Saturday, November 13, 2010
What Music Used To Be About (For Me)
Music used to be about standing around for hours packed like sardines in a crowd with the vague hope that someone cool MIGHT show up (nowadays I can just read any blog or watch Youtube to find out if something cool actually happened, and laugh at all the idiots who bit if nothing did)
Music used to be about following crowds across fields and gang-sprinting when the house doors opened for prime stage position. Nowadays, it's about hanging back, coming in when the band starts, sitting on the edge of the crowd, drinking a few beers and leaving before the encore to beat the traffic if they're phoning it in. I'll leave it up to the other idiots to drool over their balls. Besides, at every show there is a guy first or second row with a camera, so if i missed something cool it's on Youtube. Now i don't have to deal with idiots screaming and yammering random things in my ear in the 2 hours before the band goes on either.
Music used to be about having bottomless wallet even when I was broke. It was about dropping every last cent I had to see a bunch of dinosaurs my parents grew up with. Nowadays, money stays here. Last dinosaur show I went to was AC/DC at MSG. Basically they hyper-inflated the ticket costs just so those guys could inflate a giant Rosie balloon I couldn't even see from where we were sitting. 95 bucks my ass. Next time Thin Lizzy, The Who, The Stones, or any dino act puts out a crap album to come on the road and comes around to "replicate old magic", hiring studio hacks to replace dead dudes, and asking me to drop 200, I'll tell em fuck off. Money stays here. I'd rather stay at home and watch a clip of them playing IN THEIR PRIME, with all members alive. On YouTube, for free. (Note: Not to say that AC/DC's Brian Johnson is a studio hack. But the band were never fucking sellouts with Bon Scott. 'Nuff said.
Music used to be about believing and getting excited about everything I read in magazines: every reunion rumor, every "back to their roots" record, every young band whose new songs "are gonna sound like fucking Queen". Nowadays I realize that the only reason music magazines print such ridiculous and exciting-sounding junk that rarely materializes is so YOU WILL GO BUY THEIR MAGAZINE. It's a business promising things, saying things that will never happen, just so you'll open your damn wallets. My subscriptions may not have run out yet, but nowadays I don't believe a damn word they say.

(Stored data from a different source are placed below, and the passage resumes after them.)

Lemma walk_dist_gt0_eventually j l x y : (j %| l)%N ->
  0 < P l x y -> 0 < P j y y -> \forall m \near \oo, 0 < P (j * m) x y.
Proof.
move=> /dvdnP[i ->] Pl Pj; near=> m.
rewrite -(subnKC (_ : i <= m)%N); last by near: m; exists i.
by rewrite mulnDr mulnC; apply: walk_dist_gt0_trans Pl (walk_dist_gt0_iter _ Pj).
Unshelve. all: by end_near. Qed.

Section Doeblin.
Variables (c : pred V) (T : nat) (y0 w : V) (d : R).
Hypotheses (T_gt0 : (0 < T)%N) (c_y0 : c y0) (d_gt0 : 0 < d).
Hypothesis minorization : forall x, c x -> d <= P T x y0.
Hypothesis c_closed : forall x y, c x -> ~~ c y -> P T x y = 0.

Lemma minorization_le1 : d <= 1.
Proof. exact: le_trans (minorization c_y0) (walk_dist_le1 _ _ _). Qed.

Lemma sum_walk_dist_ge (F : V -> R) x : c x -> (forall y, c y -> 0 <= F y) ->
  d * F y0 <= \sum_y P T x y * F y.
Proof.
move=> cx F_ge0; apply: le_trans (_ : P T x y0 * F y0 <= _).
  by rewrite ler_wpM2r ?F_ge0 ?minorization.
rewrite (bigD1 y0) //= lerDl; apply: sumr_ge0 => y _.
case: (boolP (c y)) => [/F_ge0 F_y|/(c_closed cx) ->]; last by rewrite mul0r.
by rewrite mulr_ge0 ?walk_dist_ge0.
Qed.

Lemma doeblin_contraction k a eps :
  (forall x, c x -> a <= P k x w <= a + eps) ->
  exists a', forall x, c x -> a' <= P (T + k) x w <= a' + (1 - d) * eps.
Proof.
move=> Pk_in; exists (d * P k y0 w + (1 - d) * a) => x cx.
have /andP[lo_y0 hi_y0] := Pk_in _ c_y0.
have mass b : \sum_y P T x y * (b - P k y w) = b - P (T + k) x w.
  under eq_bigr do rewrite mulrBr.
  by rewrite sumrB -big_distrl /= sum_walk_dist mul1r walk_distD.
have lo := sum_walk_dist_ge (F := fun y => P k y w - a) cx.
have hi := sum_walk_dist_ge (F := fun y => a + eps - P k y w) cx.
have {}lo : d * (P k y0 w - a) <= P (T + k) x w - a.
  apply: le_trans (lo _) _; first by move=> y /Pk_in /andP[]; rewrite subr_ge0.
  rewrite -[leRHS]opprB -mass -sumrN.
  by rewrite le_eqVlt; apply/orP; left; apply/eqP/eq_bigr => y _; rewrite -mulrN opprB.
have {}hi : d * (a + eps - P k y0 w) <= a + eps - P (T + k) x w.
  by rewrite -mass; apply: hi => y /Pk_in /andP[_]; rewrite subr_ge0.
apply/andP; split; nra.
Qed.

Lemma doeblin_iter j k : exists a, forall x, c x ->
  a <= P (j * T + k) x w <= a + (1 - d) ^+ j.
Proof.
elim: j => [|j [a IH]].
  by exists 0 => x _; rewrite add0r walk_dist_ge0 walk_dist_le1.
have [a' Pk] := doeblin_contraction IH.
by exists a' => x /Pk; rewrite mulSn -addnA exprS mulrC.
Qed.

Lemma doeblin_oscillation eps : 0 < eps -> \forall k \near \oo,
  exists a, forall x, c x -> a <= P k x w <= a + eps.
Proof.
move=> eps_gt0.
have d_le1 := minorization_le1.
have : `|1 - d| < 1 by rewrite ger0_norm ?subr_ge0 // ltrBlDr ltrDl.
move=> /cvg_expr /cvgrPdist_le /(_ eps eps_gt0) [N _ HN].
exists (N * T)%N => // k /= hk.
have [a Pk] := doeblin_iter (k %/ T) (k %% T).
exists a => x /Pk; rewrite -divn_eq => /andP[-> /le_trans]; apply.
rewrite lerD2l; have := @HN (k %/ T)%N; rewrite /= sub0r normrN leq_divRL //.
by move=> /(_ hk) /(le_trans (ler_norm _)).
Qed.

End Doeblin.

(* Reversibility turns the almost constant column [P k _ w] into a row proportional to [deg]. *)
Lemma walk_dist_row_close (c : pred V) k w a eps :
  0 < \sum_(y | c y) (deg e y)%:R :> R ->
  (forall x, c x -> a <= P k x w <= a + eps) -> \sum_(x | c x) P k w x = 1 ->
  forall x, c x -> `|P k w x - (deg e x)%:R / \sum_(y | c y) (deg e y)%:R| <= #|V|%:R * eps.
Proof.
move=> D_gt0 Pk_in mass_c x cx.
have mean : \sum_(y | c y) (deg e y)%:R * P k y w = (deg e w)%:R.
  rewrite -[RHS]mulr1 -[X in _ * X]mass_c big_distrr /=.
  by apply: eq_bigr => y _; rewrite deg_walk_dist_sym.
have := weighted_mean_close (fun y => ler0n _ (deg e y)) D_gt0 Pk_in cx.
rewrite mean.
have -> : P k w x = (deg e x)%:R / (deg e w)%:R * P k x w.
  by rewrite mulrAC deg_walk_dist_sym mulrAC divff ?mul1r ?natr_deg_neq0.
have -> : (deg e x)%:R / (deg e w)%:R * P k x w - (deg e x)%:R / \sum_(y | c y) (deg e y)%:R =
  (deg e x)%:R / (deg e w)%:R * (P k x w - (deg e w)%:R / \sum_(y | c y) (deg e y)%:R).
  by field; rewrite natr_deg_neq0 gt_eqF.
have deg_le : (deg e x)%:R / (deg e w)%:R <= #|V|%:R :> R.
  rewrite ler_pdivrMr ?ltr0n ?deg_gt0 // -[leLHS]mulr1.
  by rewrite ler_pM ?ler1n ?deg_gt0 // ler_nat max_card.
by move=> close; rewrite normrM ger0_norm ?divr_ge0 // ler_pM ?divr_ge0.
Qed.

Lemma walk_dist_cvg_class (c : pred V) (q : nat) (y0 : V) :
  (0 < q)%N -> c y0 -> 0 < P q y0 y0 ->
  (forall x, c x -> exists2 l, (q %| l)%N & 0 < P l x y0) ->
  (forall m x y, c x -> ~~ c y -> P (q * m) x y = 0) ->
  forall w eps, 0 < eps -> \forall k \near \oo,
    \sum_(x | c x) P k w x = 1 ->
    forall x, c x -> `|P k w x - (deg e x)%:R / \sum_(y | c y) (deg e y)%:R| <= eps.
Proof.
move=> q_gt0 c_y0 Pq_y0 c_reach c_closed w eps eps_gt0.
have : \forall m \near \oo, forall x, c x -> 0 < P (q * m) x y0.
  apply: filter_forall => x; case: (boolP (c x)) => [/c_reach[l q_l Pl]|_].
    by apply: filterS (walk_dist_gt0_eventually q_l Pl Pq_y0) => m ? _.
  exact: nearW.
case=> n _ /(_ n.+1 (leqnSn n)) /= PT_gt0.
pose d := \big[Num.min/1]_(x | c x) P (q * n.+1) x y0.
have d_gt0 : 0 < d by apply: lt_bigmin.
have d_le x : c x -> d <= P (q * n.+1) x y0 by move=> cx; apply: bigmin_le_cond.
have T_gt0 : (0 < q * n.+1)%N by rewrite muln_gt0 q_gt0.
have card_gt0 : 0 < #|V|%:R :> R by rewrite ltr0n; apply/card_gt0P; exists w.
have eps'_gt0 : 0 < eps / #|V|%:R by rewrite divr_gt0.
have [N _ osc] := doeblin_oscillation w T_gt0 c_y0 d_gt0 d_le (c_closed n.+1) eps'_gt0.
exists N => // k /osc [a Pk_in] mass_c.
have D_gt0 : 0 < \sum_(y | c y) (deg e y)%:R :> R.
  by rewrite (bigD1 y0) //= ltr_pwDl ?ltr0n ?sumr_ge0.
move=> x cx; apply: le_trans (walk_dist_row_close D_gt0 Pk_in mass_c cx) _.
by rewrite mulrC divfK ?lt0r_neq0.
Qed.

Hypothesis g_lt1 : g < 1.

Lemma trans_gt0 x y : e x y -> 0 < trans e g x y.
Proof.
move=> exy; rewrite /trans; case: eqP => [xy|_]; first by rewrite xy eirr in exy.
by rewrite exy divr_gt0 ?ltr0n ?deg_gt0 // subr_gt0.
Qed.

Lemma walk_dist_gt0_path s x : path e x s -> 0 < P (size s) x (last x s).
Proof.
elim: s x => [|z s IH] x; first by rewrite /= eqxx ltr01.
case/andP => exz /IH Ps; rewrite -[size _]add1n.
by apply: walk_dist_gt0_trans Ps; rewrite walk_dist1 trans_gt0.
Qed.

Lemma walk_dist_gt0_connect x y : connect e x y -> exists l, 0 < P l x y.
Proof. by move=> /connectP [s /walk_dist_gt0_path + ->]; exists (size s). Qed.

Lemma walk_dist2_gt0 y : 0 < P 2 y y.
Proof.
have /card_gt0P [z] : (0 < #|[set z | e y z]|)%N by exact: deg_gt0.
rewrite inE => eyz.
by apply: (@walk_dist_gt0_trans 1 1 y z); rewrite walk_dist1 trans_gt0 // esym.
Qed.

End WalkDist.

Section ConnectedGraph.
Variables (R : realType) (V : finType) (e : rel V).
Hypotheses (esym : symmetric e) (eirr : irreflexive e).
Hypothesis deg_gt0 : forall x, (0 < deg e x)%N.
Hypothesis conn : forall x y, connect e x y.

Local Notation P0 k x y := (walk_dist e (0 : R) x k y).

Definition stationary (x : V) : R := (deg e x)%:R / \sum_y (deg e y)%:R.

Definition even_connected : Prop :=
  forall x y : V, exists2 l, ~~ odd l & 0 < P0 l x y.

Definition bipartition (s : V -> bool) : Prop := forall x y, e x y -> s y = ~~ s x.

Lemma sum_deg_gt0 (x : V) : 0 < \sum_y (deg e y)%:R :> R.
Proof. by rewrite (bigD1 x) //= ltr_pwDl ?ltr0n ?sumr_ge0. Qed.

Lemma stationary_gt0 x : 0 < stationary x.
Proof. by rewrite divr_gt0 ?ltr0n ?sum_deg_gt0. Qed.

Lemma walk_dist_cvg_stationary g w x : 0 <= g -> g < 1 -> 0 < g \/ even_connected ->
  walk_dist e g w k x @[k --> \oo] --> stationary x.
Proof.
move=> g_ge0 g_lt1 lazy_or_even; have g_le1 := ltW g_lt1.
apply/cvgrPdistC_le => eps eps_gt0.
suff : \forall k \near \oo, \sum_(y | predT y) walk_dist e g w k y = 1 ->
    forall x, predT x -> `|walk_dist e g w k x - stationary x| <= eps.
  by apply: filterS => k /(_ (sum_walk_dist eirr deg_gt0 g k w)); apply.
have [g_gt0|g_le0] := ltrP 0 g.
  apply: (walk_dist_cvg_class esym eirr deg_gt0 g_ge0 g_le1 (q := 1) (y0 := w)) => //.
    by rewrite walk_dist1 /trans eqxx.
  move=> x' _; have [l Pl] := walk_dist_gt0_connect eirr deg_gt0 g_ge0 g_le1 g_lt1 (conn x' w).
  by exists l; rewrite ?dvd1n.
have g0 : g = 0 by apply/eqP; rewrite eq_le g_le0 g_ge0.
have even : even_connected by move: lazy_or_even; rewrite g0 ltxx => -[].
rewrite g0; apply: (walk_dist_cvg_class esym eirr deg_gt0 (lexx 0) ler01 (q := 2) (y0 := w)) => //.
  exact: walk_dist2_gt0.
move=> x' _; have [l l_even Pl] := even x' w.
by exists l; rewrite // dvdn2.
Qed.

(* If [z0] has no even walk from [x0], no vertex can have walks of both parities from [x0];
   the parity of the walks from [x0] is then a bipartition. *)
Lemma even_connected_or_bipartition : even_connected \/ exists s, bipartition s.
Proof.
have [|/existsNP[x0 /existsNP[z0 no_even]]] := pselect even_connected; first by left.
have P0_gt0_connect x y := walk_dist_gt0_connect eirr deg_gt0 (lexx (0 : R)) ler01 ltr01 (conn x y).
have P0_gt0_trans := walk_dist_gt0_trans (lexx (0 : R)) ler01.
pose s y := `[< exists2 l, ~~ odd l & 0 < P0 l x0 y >].
have parity l y : 0 < P0 l x0 y -> s y = ~~ odd l.
  move=> Pl; case: (boolP (odd l)) => ol; last by apply/asboolP; exists l.
  apply/negP => /asboolP[l' ol' Pl']; have [m Pm] := P0_gt0_connect y z0.
  apply: no_even; have [om|om] := boolP (odd m).
    by exists (l + m)%N; rewrite ?oddD ?ol ?om //; apply: P0_gt0_trans Pl Pm.
  by exists (l' + m)%N; rewrite ?oddD ?(negbTE ol') ?(negbTE om) //; apply: P0_gt0_trans Pl' Pm.
right; exists s => x y exy; have [l Pl] := P0_gt0_connect x0 x.
have Pl1 : 0 < P0 (l + 1) x0 y.
  by apply: P0_gt0_trans Pl _; rewrite walk_dist1 trans_gt0.
by rewrite (parity _ _ Pl) (parity _ _ Pl1) addn1 /= negbK.
Qed.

Music used to be about jumping up and down, pumping my fist until my hand grew sore, drinking like a madman for 5 hours before the band came on just so I can have "the experience". Meanwhile, when I drank that much just for the purpose of seeing a band I didn't remember a damn song they played or thing they did, just remember being sore as shit the next day. Nowadays I stand on the side, relax with the drinking, and just enjoy the band from a distance, or else just stay home, save 60 bucks, and watch one of the 5,000 clips people post the next day on Youtube to show all their friends they were there.
Music used to be about getting excited as crap, almost wetting my pants when a band ran a promo for their new record or appeared on SNL to debut a new song. Nowadays, for better or for worse, the new record is public knowledge 2 months before the damn thing comes out. I can hear any song on it by searching Youtube "New Vultures Album" or "Jack Black new Project" and a bunch of songs will come up which may or may not be new songs by said artist. If you dig long and deep enough, chances are you'll find one of the actual songs. The thrill of hearing new music for the first time is gone, and may never come back, because its all on the freaking Internet 3 months in advance.
Music used to be about following crowds across fields and gang-sprinting when the house doors opened for prime stage position. Nowadays, it's about hanging back, coming in when the band starts, sitting on the edge of the crowd, drinking a few beers and leaving before the encore to beat the traffic if they're phoning it in. I'll leave it up to the other idiots to drool over their balls. Besides, at every show there is a guy first or second row with a camera, so if i missed something cool it's on Youtube. Now i don't have to deal with idiots screaming and yammering random things in my ear in the 2 hours before the band goes on either.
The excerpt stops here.